Studio album by Aled Jones
- Released: 25 November 2016
- Recorded: 1986, 2016
- Genre: Classical, folk, Christmas
- Label: Classic FM

Aled Jones chronology
| One Voice (2016) | One Voice at Christmas (2016) |  |

= One Voice at Christmas =

One Voice at Christmas is a 2016 Christmas album by the Welsh singer Aled Jones and produced by Classic FM. It was created as a follow-up to Jones' One Voice album released earlier in the year and followed a similar style with Jones duetting on Christmas carols and songs with his younger self. It reached a peak of 22 in the official UK Album Charts and number 1 in the UK Classical Chart.

== Background ==
In April 2016, Jones released One Voice involving duets with himself recorded when he was a boy soprano.
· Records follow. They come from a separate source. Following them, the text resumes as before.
(* Let $\varepsilon\ge0$ and let $\phi:\mathcal{B}\to\mathcal{C}\subseteq\mathcal{B}$ satisfy both $\|\phi(b)-b\|_1\le\varepsilon$ for all $b$ and $\phi(b_1)=\phi(b_2)\Rightarrow\|b_1-b_2\|_1\le\varepsilon$. Let $\{p_c\}_{c\in\mathcal{C}}$ be any family of distributions with $p_c$ supported on $\phi^{-1}(c)$. Let $\pi:\mathcal{B}\to\Delta(\mathcal{A})$ satisfy $\|\pi(b_1)-\pi(b_2)\|_1\le L_\pi\|b_1-b_2\|_1$ (local stability), and assume $V^{[\pi_\phi]_{\rm true}}_{\rm true}$ is $L_V$-Lipschitz on $\mathcal{B}$ with respect to $\|\cdot\|_1$ (value stability). Then $$\big\|V^\pi_{\rm true}-[V^{\pi_\phi}_{\rm bin}]_{\rm true}\big\|_\infty\le L^{[1]}_\phi\,\varepsilon,\qquad L^{[1]}_\phi:=\frac{(L_\pi+1)R_{\max}+2L_V}{1-\gamma}+\frac{\gamma R_{\max}L_\pi+R_{\max}}{(1-\gamma)^2}.$$
   Context: Finite POMDP with finite $\mathcal{S},\mathcal{A},\mathcal{O}$, transition $\mathbb{T}$, emission $\mathbb{O}$, reward $r:\mathcal{S}\times\mathcal{A}\to[0,R_{\max}]$, discount $\gamma\in[0,1)$. $P(o\mid b,a)=\sum_{s,s'}b(s)\mathbb{T}(s'\mid s,a)\mathbb{O}(o\mid s')$, $b^{o,a}(s')\propto\sum_s b(s)\mathbb{T}(s'\mid s,a)\mathbb{O}(o\mid s')$; $\mathcal{B}\subseteq\Delta(\mathcal{S})$ is the countable set of reachable beliefs. True system: belief MDP on $\mathcal{B}$ with reward $r(b,a)=\sum_s b(s)r(s,a)$ and transitions $b\mapsto b^{o,a}$ w.p. $P(o\mid b,a)$; $V^\pi_{\rm true}(b)=\mathbb{E}[\sum_{t\ge0}\gamma^tr(b_t,a_t)\mid b_0=b]$. Abstract system: MDP on $\mathcal{C}$ with reward $r_\phi(c,a)=\sum_b p_c(b)r(b,a)$ and transitions $P_\phi(c'\mid c,a)=\sum_bp_c(b)\sum_{o:\phi(b^{o,a})=c'}P(o\mid b,a)$. Abstract policy $\pi_\phi(c):=\pi(c)$ with abstract value $V^{\pi_\phi}_{\rm bin}$. Lifts: $[V_{\rm bin}]_{\rm true}(b)=V_{\rm bin}(\phi(b))$, $[\pi_\phi]_{\rm true}(b)=\pi_\phi(\phi(b))$. *)

From HB Require Import structures.
From mathcomp Require Import all_boot all_order all_algebra.
From mathcomp Require Import all_classical all_reals all_analysis.
Set Implicit Arguments. Unset Strict Implicit. Unset Printing Implicit Defensive.
Import Order.TTheory GRing.Theory Num.Theory.
Local Open Scope classical_set_scope.
Local Open Scope ring_scope.

Section POMDP.
Variables (R : realType) (S A O : finType).
(* transition T s a s' = T(s' | s, a); emission Ob s' o = O(o | s') *)
Variables (T : S -> A -> S -> R) (Ob : S -> O -> R) (r : S -> A -> R).
Variable (gamma : R).

Definition belief := S -> R.

Definition is_dist (X : finType) (d : X -> R) :=
  (forall x, 0 <= d x) /\ \sum_(x : X) d x = 1.

Definition norm1 (X : finType) (f : X -> R) : R := \sum_(x : X) `|f x|.

Definition Pobs (b : belief) (a : A) (o : O) : R :=
  \sum_(s : S) \sum_(s' : S) b s * T s a s' * Ob s' o.
(* Translation invariance makes all singletons of H equally dense. *)
Lemma mu_singleton_translate (a b : Z) :
  inH H a -> inH H b -> mu (singleton a) = mu (singleton b).
Proof.
  assert (shift : forall a b, inH H a -> (a < b)%Z ->
                  mu (singleton b) = mu (singleton a)).
  { intros x y Hx Hxy.
    replace y with (1 * x + (y - x))%Z at 1 by ring.
    rewrite <- (mu_ext mu _ _ (affine_image_singleton 1 (y - x) x)).
    rewrite mu_scale by (auto using singleton_subsetH; lia). lra. }
  intros Ha Hb. destruct (Z.lt_total a b) as [Hab | [-> | Hab]];
    [symmetry; auto | reflexivity | auto].
Qed.

(* {2a+1} = 2.{a} + 1 has both density mu {a} / 2 and mu {a}. *)
Lemma mu_singleton (a : Z) : inH H a -> mu (singleton a) = 0.
Proof.
  intros Ha.
  assert (Ha' := inH_affine H a 2 1 Ha ltac:(lia) ltac:(lia)).
  assert (E := mu_scale (singleton a) 1 2 (singleton_subsetH a Ha) ltac:(lia) ltac:(lia)).
  rewrite (mu_ext mu _ _ (affine_image_singleton 2 1 a)) in E.
  rewrite (mu_singleton_translate _ a Ha' Ha) in E. simpl IZR in E. lra.
Qed.

Lemma mu_finite (A : Z -> Prop) : subsetH H A -> finite_set A -> mu A = 0.
Proof.
  intros HA [l Hl]. revert A HA Hl. induction l as [|a l IH]; intros A HA Hl.
  - apply mu_empty_ext. intros z Hz. exact (Hl z Hz).
  - assert (S1 : subsetH H (fun z => A z /\ z = a)) by (intros z [Hz _]; auto).
    assert (S2 : subsetH H (fun z => A z /\ z <> a)) by (intros z [Hz _]; auto).
    assert (E := mu_cover A _ _ S1 S2
                   ltac:(intro z; destruct (Z.eq_dec z a); tauto)).
    assert (E1 : mu (fun z => A z /\ z = a) = 0).
    { destruct (classic (A a)) as [Ha | Ha].
      - rewrite <- (mu_singleton a (HA a Ha)). apply mu_ext.
        intro z; unfold singleton; split; [tauto | intros ->; auto].
      - apply mu_empty_ext. intros z [Hz ->]. auto. }
    assert (E2 : mu (fun z => A z /\ z <> a) = 0).
    { apply IH; auto. intros z [Hz Hne]. destruct (Hl z Hz); [congruence | auto]. }
    pose proof (mu_nonneg A HA). lra.
Qed.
The album was a critical success and reached a peak of 3 in the UK Albums Chart. Jones planned a follow-up album which he planned to release in time for Christmas. The album One Voice at Christmas was revealed on a Flybe flight from London City Airport to Cardiff Airport by Jones singing "Walking in the Air" (which had made his fame due to associations with "The Snowman") on the plane.

== Album ==
The album consists of Jones performing duets of Christmas carols and other Christmas songs with his younger self. However, he also duets with other people compared with the original One Voice. Jones duets with John Williams on "Silent Night", and Libera on "O Holy Night", "Jesus Christ the Apple Tree" and "Away in a Manger". "Little Drummer Boy", his 2008 duet with Sir Terry Wogan is included as a bonus track. The album was recorded in California, United States, due to the producer living in New Zealand. Jones stated that it felt odd recording "In the Bleak Midwinter" in August in a hot climate.

When it was released on 25 November 2016 it went straight to number 1 in the UK Classical Chart and remained there for the rest of December, becoming the UK Classical Chart Christmas number 1. In the UK Album Charts, it fared less well by entering at 30 and retaining that spot for the next week before rising to 24 and 22 the following weeks over Christmas but then dropped out after five weeks in the chart.

== Track listing ==
One Voice at Christmas contains the following tracks:

1. "Walking in the Air"
2. "O Holy Night"
3. "In the Bleak Midwinter"
4. "Silent Night"
5. "O Come, O Come Emmanuel"
6. "Have Yourself a Merry Little Christmas"
7. "Jesus Christ the Apple Tree"
8. "Away in a Manger"
9. "The Little Road to Bethlehem"
10. "It Came Upon the Midnight Clear"
11. "Hwiangerdd Mair (Mary's Lullaby)"
12. "Come unto Him"
13. "Little Drummer Boy"

==Certifications==

| Region | Certification | Certified units/sales |
| United Kingdom (BPI) | Silver | 60,000^{‡} |
^{‡} Sales+streaming figures based on certification alone.